▶ DIRECTIONS: For the data below, restate word for word only the lines from the line containing "pose a2 : 'F_p" through the line containing "- by rewrite compatible_indicator_r", both ends included.

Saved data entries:
(* Suppose that $\theta\in(0,1]$, $M>1$, $T>1$, $n\ge 2M$ and $f\in\mathrm{PL}_n^2\cap G_M^2$. Then for any $k\in\{\lceil\sqrt n\rceil,\dots,\lfloor\theta n\rfloor-1\}$, \[\sum_{j=k}^{\lfloor\theta n\rfloor-1}\mathcal E^+_X(I_j,\Gamma_{M,T}(f,n),T)\ge\int_{k/n}^{\lfloor\theta n\rfloor/n}\Big(\sqrt{2R^*_X(f(s))}-\sqrt{f_X'(s)}\Big)^2ds-O\Big(\frac{M^4}{n^{1/4}}+\frac{M^3n}{T^{1/2}}\Big).\]
   Context: $O(a)$ denotes a quantity bounded in absolute value by $Ca$ for a universal constant $C$. Let $R(x,y)=\frac{x+1}{y+1}\vee\frac{y+1}{x+1}$, $P(x,y)=\frac{y+1}{2(x+1)}\mathbb 1_{x\ge y}+\big(1-\frac{x+1}{2(y+1)}\big)\mathbb 1_{x<y}$, $R_X=RP$, $R_Y=R(1-P)$. $R^*(x,y)=\frac xy\vee\frac yx$ if $x>0$ or $y>0$, $R^*(0,0)=1$; $P^*(x,y)=\frac y{2x}\mathbb 1_{x\ge y}+(1-\frac x{2y})\mathbb 1_{x<y}$ if $x>0$ or $y>0$, $P^*(0,0)=1/2$; $R^*_X=R^*P^*$ if $y>0$, $R^*_X(x,0)=1/2$. $\|\cdot\|$ is the max norm on $\mathbb R^2$. $E$ is the set of non-decreasing càdlàg $f:[0,1]\to\mathbb R$ with $f(0)=0$ ($f'(s):=\infty$ where not differentiable), with Lévy metric $d(f,g)=\inf\{r>0:f(x-r)-r<g(x)<f(x+r)+r\ \forall x\in[-r,1+r]\}$ ($f(x)=f(0)$ for $x<0$, $f(1)$ for $x>1$), and on $E^2$ the max of coordinate distances; $f=(f_X,f_Y)$. $G_M=\{f\in E: s/M\le f(s)\le Ms\ \forall s\}$; $G_{M,T}=\{f\in E:s/M-2T^{-2/3}\le f(s)\le M(s+2T^{-2/3})\ \forall s\}$. $\mathrm{PL}_n$ is the set of continuous $f\in E$ linear on each $[i/n,(i+1)/n]$. $I_j=[j/n,(j+1)/n]$. $\Delta_n(f,g)=\max_{0\le i\le n}\|f(i/n)-g(i/n)\|$; $\Gamma_{M,T}(f,n)=B_{\Delta_n}(f,1/n^2)\cap B_d(f,1/n)\cap G_{M,T}^2$ (open balls). For a non-empty interval $I\subset[0,1]$ with infimum $I^-$, supremum $I^+$, length $|I|$, $F\subset E^2$, $T\ge1$: $R^-_X(I,F,T)=\inf\{R_X(Tg(s)):s\in I,g\in F\}$, $R^+_X(I,F,T)$ the corresponding sup; $x^-(s,F)=\inf\{g_X(s):g\in F\}$, $x^+(s,F)=\sup\{g_X(s):g\in F\}$. ''$X-$ case'': $2R^-_X|I|>x^+(I^+,F)-x^-(I^-,F)$; ''$X+$ case'': $x^-(I^+,F)-x^+(I^-,F)>2R^+_X|I|$. $\mathcal E^+_X(I,F,T)=(\sqrt{2R^-_X(I,F,T)|I|}-\sqrt{x^+(I^+,F)-x^-(I^-,F)})^2$ in the $X-$ case, $(\sqrt{2R^+_X(I,F,T)|I|}-\sqrt{x^-(I^+,F)-x^+(I^-,F)})^2$ in the $X+$ case, $0$ otherwise. *)

From Stdlib Require Import Reals Lra Lia List.
From Coquelicot Require Import Coquelicot.
Import ListNotations.
Open Scope R_scope.

Definition flr (x : R) : nat := Z.to_nat (Int_part x).
Definition cel (x : R) : nat := Z.to_nat (- Int_part (- x)).

Definition Rr (x y : R) : R := Rmax ((x + 1) / (y + 1)) ((y + 1) / (x + 1)).
Definition Pp (x y : R) : R :=
  if Rle_dec y x then (y + 1) / (2 * (x + 1)) else 1 - (x + 1) / (2 * (y + 1)).
Definition RX (x y : R) : R := Rr x y * Pp x y.

Definition Rstar (x y : R) : R :=
  if Rlt_dec 0 x then Rmax (x / y) (y / x)
  else if Rlt_dec 0 y then Rmax (x / y) (y / x) else 1.
Definition Pstar (x y : R) : R :=
  if Rlt_dec 0 x then (if Rle_dec y x then y / (2 * x) else 1 - x / (2 * y))
  else if Rlt_dec 0 y then (if Rle_dec y x then y / (2 * x) else 1 - x / (2 * y))
  else / 2.
Definition RXstar (x y : R) : R :=
  if Req_EM_T y 0 then / 2 else Rstar x y * Pstar x y.

(** The space E: non-decreasing cadlag f : [0,1] -> R with f(0) = 0.
    Functions are represented as R -> R; only their values on [0,1] matter. *)
Definition inE (f : R -> R) : Prop :=
  f 0 = 0 /\
  (forall x y, 0 <= x -> x <= y -> y <= 1 -> f x <= f y) /\
  (forall x, 0 <= x < 1 -> filterlim f (at_right x) (locally (f x))) /\
  (forall x, 0 < x <= 1 -> exists l, filterlim f (at_left x) (locally l)).

Definition ext (f : R -> R) (x : R) : R :=
  if Rlt_dec x 0 then f 0 else if Rlt_dec 1 x then f 1 else f x.

Definition levy (f g : R -> R) : Rbar :=
  Glb_Rbar (fun r => 0 < r /\
    forall x, - r <= x <= 1 + r ->
      ext f (x - r) - r < ext g x /\ ext g x < ext f (x + r) + r).

Definition G_M (M : R) (f : R -> R) : Prop :=
  inE f /\ forall s, 0 <= s <= 1 -> s / M <= f s <= M * s.
Definition G_MT (M T : R) (f : R -> R) : Prop :=
  inE f /\ forall s, 0 <= s <= 1 ->
    s / M - 2 * Rpower T (- (2 / 3)) <= f s <= M * (s + 2 * Rpower T (- (2 / 3))).
Lemma zsfree_red_p x1 x2 x3 : ~ wzs3 A x1 x2 x3 ->
  [&& v x1 != 0, v x2 != 0 & v x3 != 0] ->
  [\/ u x2 = 0 /\ u x3 = 0, u x1 = 0 /\ u x3 = 0 | u x1 = 0 /\ u x2 = 0].
Proof.
move=> zsfree v_nz.
have two_nz : 2%:R != 0 :> 'F_p.
  by rewrite -unitfE unitFpE // prime_coprime // gtnNdvd // (leq_trans _ p_ge7).
have : ~ (1 < (u x1 != 0%R) + (u x2 != 0%R) + (u x3 != 0%R))%N.
  case/(annihilator3 two_nz) => a1 [a2 [a3 [a1_nz a2_nz a3_nz ua0]]].
  have := @zsfree_no_annihilator _ _ _ a1 a2 a3 zsfree v_nz.
  by rewrite a1_nz a2_nz a3_nz ua0 eqxx => /(_ isT).
have [->|u1] := eqVneq (u x1) 0; have [->|u2] := eqVneq (u x2) 0;
  have [->|u3] := eqVneq (u x3) 0; rewrite ?eqxx //= => _.
all: by [constructor 1 | constructor 2 | constructor 3].
Qed.

(* The weight a1 balances the relation mod p; its companion weight mod q is
   harmless since v x1 = 0 or a1 = 0. *)
Lemma zsfree_pair x1 x2 x3 : ~ wzs3 A x1 x2 x3 -> u x1 != 0 ->
  v x1 = 0 \/ u x2 = 0 /\ u x3 = 0 -> ~ has_wzs (Qset q) [:: v x2; v x3].
Proof.
move=> zsfree u1 v1_or_u23 /has_wzs2[b2 [b3 [b2Q b3Q Qb vb0]]].
pose a2 : 'F_p := (b2 != 0)%:R; pose a3 : 'F_p := (b3 != 0)%:R.
pose a1 := - (a2 * u x2 + a3 * u x3) / u x1.
apply: zsfree; apply: (@wzs3_of_red _ _ _ a1 a2 a3 (a1 != 0)%:R b2 b3).
- by rewrite compatible_indicator_r !compatible_indicator.
- by case/orP: Qb => /Qset_neq0 ->; rewrite ?orbT.
- by rewrite /a1 divfK // -addrA addNr.
rewrite -addrA vb0 addr0; case: v1_or_u23 => [->|[u2 u3]]; first exact: mulr0.
by rewrite /a1 u2 u3 !mulr0 addr0 oppr0 mul0r.
Qed.

Definition pivot x1 x2 x3 :=
  v x1 = 0 \/ [/\ v x1 != 0, v x2 != 0, v x3 != 0, u x2 = 0 & u x3 = 0].

Definition normal_form (y1 y2 y3 : 'Z_n) :=
  [/\ (q %| val y1)%N, ~~ (q %| val y2)%N, ~~ (q %| val y3)%N, y1 != 0 &
       extremal (Qset q) [:: (val y2)%:R; (val y3)%:R]]
  \/
  [/\ coprime (val y1) p, ~~ coprime (val y2) p, ~~ coprime (val y3) p &
       extremal (Qset q) [:: (val y2)%:R; (val y3)%:R]].

Lemma zsfree_normal_form x1 x2 x3 : ~ wzs3 A x1 x2 x3 -> pivot x1 x2 x3 ->
  normal_form x1 x2 x3.
Proof.
move=> zsfree piv.
have q_dvdE x : (q %| val x)%N = (v x == 0) by rewrite Zp_red_eq0.
have coprimeE x : coprime (val x) p = (u x != 0).
  by rewrite coprime_sym prime_coprime // -{1}(pdiv_id p_prime) -Zp_red_eq0.
have u1 : u x1 != 0.
  case: piv => [v1|[v1 v2 v3 u2 u3]].
    by apply: contraNneq (zsfree_neq0 zsfree) => u1; rewrite (red_eq0 u1 v1).
  have := @zsfree_no_annihilator _ _ _ 1 1 1 zsfree.
  by rewrite v1 v2 v3 u2 u3 oner_neq0 !mulr0 !addr0 mul1r => /(_ isT isT).
have extremal23 : v x1 = 0 \/ u x2 = 0 /\ u x3 = 0 ->
    extremal (Qset q) [:: v x2; v x3].
  move=> piv'; exists 3%N; split; first exact: davenport_Qset.
    by [].
  exact: zsfree_pair zsfree u1 piv'.
case: piv => [v1|[_ v2 v3 u2 u3]]; [left | right].
  have v2 := zsfree_red_q zsfree v1.
  have v3 := zsfree_red_q (fun h => zsfree (wzs3_swap23 h)) v1.
  rewrite !q_dvdE v1 eqxx v2 v3 (zsfree_neq0 zsfree).
  by split=> //; apply: extremal23; left.
by rewrite !coprimeE u1 u2 u3 eqxx; split=> //; apply: extremal23; right.
Qed.

Lemma zsfree_pivot x1 x2 x3 : ~ wzs3 A x1 x2 x3 ->
  [\/ pivot x1 x2 x3, pivot x2 x1 x3 | pivot x3 x2 x1].
Proof.
move=> zsfree; rewrite /pivot.
have [v1|v1] := eqVneq (v x1) 0; first by constructor 1; left.
have [v2|v2] := eqVneq (v x2) 0; first by constructor 2; left.
have [v3|v3] := eqVneq (v x3) 0; first by constructor 3; left.
case: (zsfree_red_p zsfree); rewrite ?v1 ?v2 ?v3 // => -[ua ub].
- by constructor 1; right.
- by constructor 2; right.
by constructor 3; right.
Qed.
End ZeroSumFreeTriples.

Theorem theorem5p5 (p' q : nat) (hp : prime p') (hq : prime q) (hpq : p' != q)
  (hp7 : (7 <= p')%N) (hq7 : (7 <= q)%N) (x1 x2 x3 : 'Z_(p' * q)) :
  extremal (Lset (p' * q) p') [:: x1; x2; x3] ->
  exists y1 y2 y3 : 'Z_(p' * q),
    equiv_wrt (Lset (p' * q) p') [:: x1; x2; x3] [:: y1; y2; y3] /\
    ( [/\ (q %| val y1)%N, ~~ (q %| val y2)%N, ~~ (q %| val y3)%N, y1 != 0 &
          extremal (Qset q) [:: (val y2)%:R; (val y3)%:R]]
      \/
      [/\ coprime (val y1) p', ~~ coprime (val y2) p', ~~ coprime (val y3) p' &
          extremal (Qset q) [:: (val y2)%:R; (val y3)%:R]] ).
Proof.
case=> _ [_ _ /(contra_not (@has_wzs3 _ _ _ _ _)) zsfree].
have A1 := Lset1 hp hq hpq.
have normal := zsfree_normal_form hp hq hpq hq7.
case: (zsfree_pivot hp hq hpq hp7 hq7 zsfree) => pivot.
- exists x1, x2, x3; split; first exact: equiv_wrt_refl.
  exact: normal.
- exists x2, x1, x3; split; first exact: equiv_wrt_swap12.
  by apply: normal pivot => /wzs3_swap12.
exists x3, x2, x1; split; first exact: equiv_wrt_swap13.
by apply: normal pivot => /wzs3_swap12/wzs3_swap23/wzs3_swap12.
Qed.
Definition deriv_t_mono (m : mono) : list mono :=
  Mono (mcoef m * INR (mpow m)) (mexp m + 1) (pred (mpow m)) ::
  Mono (mcoef m * mexp m) (mexp m - 1) (S (mpow m)) :: nil.

Lemma is_derive_mono_t m t : is_derive (mono_t m) t (eval_t (deriv_t_mono m) t).
Proof.
  destruct m as [c a q]. unfold mono_t, deriv_t_mono, Rpower; cbn [eval_sum mcoef mexp mpow].
  assert (Hc := cosh_pos t).
  auto_derive; [lra|].
  replace ((a + 1) * ln (cosh t)) with (a * ln (cosh t) + ln (cosh t)) by ring.
  replace ((a - 1) * ln (cosh t)) with (a * ln (cosh t) + - ln (cosh t)) by ring.
  rewrite !exp_plus, exp_Ropp, exp_ln by lra.
  simpl pow. field. lra.
Qed.

Lemma ex_derive_n_eval_t l n t : ex_derive_n (eval_t l) n t.
Proof. apply (ex_derive_n_eval_sum mono_t deriv_t_mono), is_derive_mono_t. Qed.

Lemma eval_t_pow0 l t : List.Forall (fun m => mpow m = 0%nat) l ->
  eval_t l t = eval_u l (cosh t).
Proof.
  induction 1 as [|m l Hm Hl IH]; [reflexivity|].
  cbn [eval_sum]. rewrite IH. unfold mono_t, mono_u. rewrite Hm. simpl. field.
Qed.

Definition scaled_poly_terms (s : R) (b : nat -> R) (K : nat) : list mono :=
  map (fun j => Mono (Rpower 2 (- s) * b j) (- s - 2 * INR j) 0) (seq 0 (S K)).

Lemma eval_scaled_poly_terms s b K u : 0 < u ->
  eval_u (scaled_poly_terms s b K) u = Rpower (2 * u) (- s) * sum_n (fun j => b j * (/ u ^ 2) ^ j) K.
Proof.
  intros Hu. unfold scaled_poly_terms.
  assert (Hj : forall j, Rpower u (- s - 2 * INR j) = Rpower u (- s) * (/ u ^ 2) ^ j).
  { intros j. unfold Rminus. rewrite Rpower_plus, !Rpower_Ropp.
    replace (2 * INR j) with (INR (2 * j)) by (rewrite mult_INR; simpl; ring).
    rewrite Rpower_pow, pow_inv, pow_mult by exact Hu. reflexivity. }
  rewrite <- Rpower_mult_distr by lra.
  induction K as [|K IH].
  - rewrite sum_O. cbn [seq map eval_sum]. unfold mono_u; cbn [mcoef mexp mpow].
    rewrite Hj. simpl. field.
  - rewrite sum_Sn, seq_S, map_app, eval_sum_app, IH. cbn [map eval_sum].
    unfold mono_u; cbn [mcoef mexp mpow]. rewrite Hj, Nat.add_0_l, pow_O. change plus with Rplus. field.
Qed.

Lemma weight_le_scaled_poly_terms s b K : weight_le (- s) (scaled_poly_terms s b K).
Proof.
  apply List.Forall_map, List.Forall_forall. intros j _.
  unfold weight; cbn [mexp mpow]. simpl INR. generalize (pos_INR j). lra.
Qed.

Lemma scaled_poly_terms_pow0 s b K :
  List.Forall (fun m => mpow m = 0%nat) (scaled_poly_terms s b K).
Proof. apply List.Forall_map, List.Forall_forall. reflexivity. Qed.

Definition decay_rate (m1p m1m m2p m2m k : nat) : R :=
  lam m1p m1m m2p m2m k + rho m1p m1m m2p m2m.

Section Phi0.
Variables m1p m1m m2p m2m k : nat.

Local Notation Phi := (Phi0 m1p m1m m2p m2m k).
Local Notation rate := (decay_rate m1p m1m m2p m2m k).

Definition Phi0_coef : nat -> R :=
  let l := lam m1p m1m m2p m2m k in
  hyp_coef ((rho m1p m1m m2p m2m + l) / 2) (- INR k) (1 + l).

Definition Phi0_terms : list mono := scaled_poly_terms rate Phi0_coef k.

Lemma Phi0_poly t :
  Phi t = Rpower (2 * cosh t) (- rate) * sum_n (fun j => Phi0_coef j * (/ cosh t ^ 2) ^ j) k.
Proof.
  unfold Phi0, Phi0_coef, decay_rate. cbv zeta. rewrite hyp2F1_terminating.
  f_equal. f_equal. ring.
Qed.

Lemma Phi0_eval_u t : Phi t = eval_u Phi0_terms (cosh t).
Proof. unfold Phi0_terms. rewrite Phi0_poly, eval_scaled_poly_terms by apply cosh_pos. reflexivity. Qed.

Lemma Phi0_smooth m t : ex_derive_n Phi m t.
Proof.
  apply (ex_derive_n_ext (eval_t Phi0_terms)); [|apply ex_derive_n_eval_t].
  intros s. rewrite Phi0_eval_u. apply eval_t_pow0, scaled_poly_terms_pow0.
Qed.

Hypothesis rate_ge0 : 0 <= rate.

▶ SOLVED PROBLEM:
pose a2 : 'F_p := (b2 != 0)%:R; pose a3 : 'F_p := (b3 != 0)%:R.
pose a1 := - (a2 * u x2 + a3 * u x3) / u x1.
apply: zsfree; apply: (@wzs3_of_red _ _ _ a1 a2 a3 (a1 != 0)%:R b2 b3).
- by rewrite compatible_indicator_r !compatible_indicator.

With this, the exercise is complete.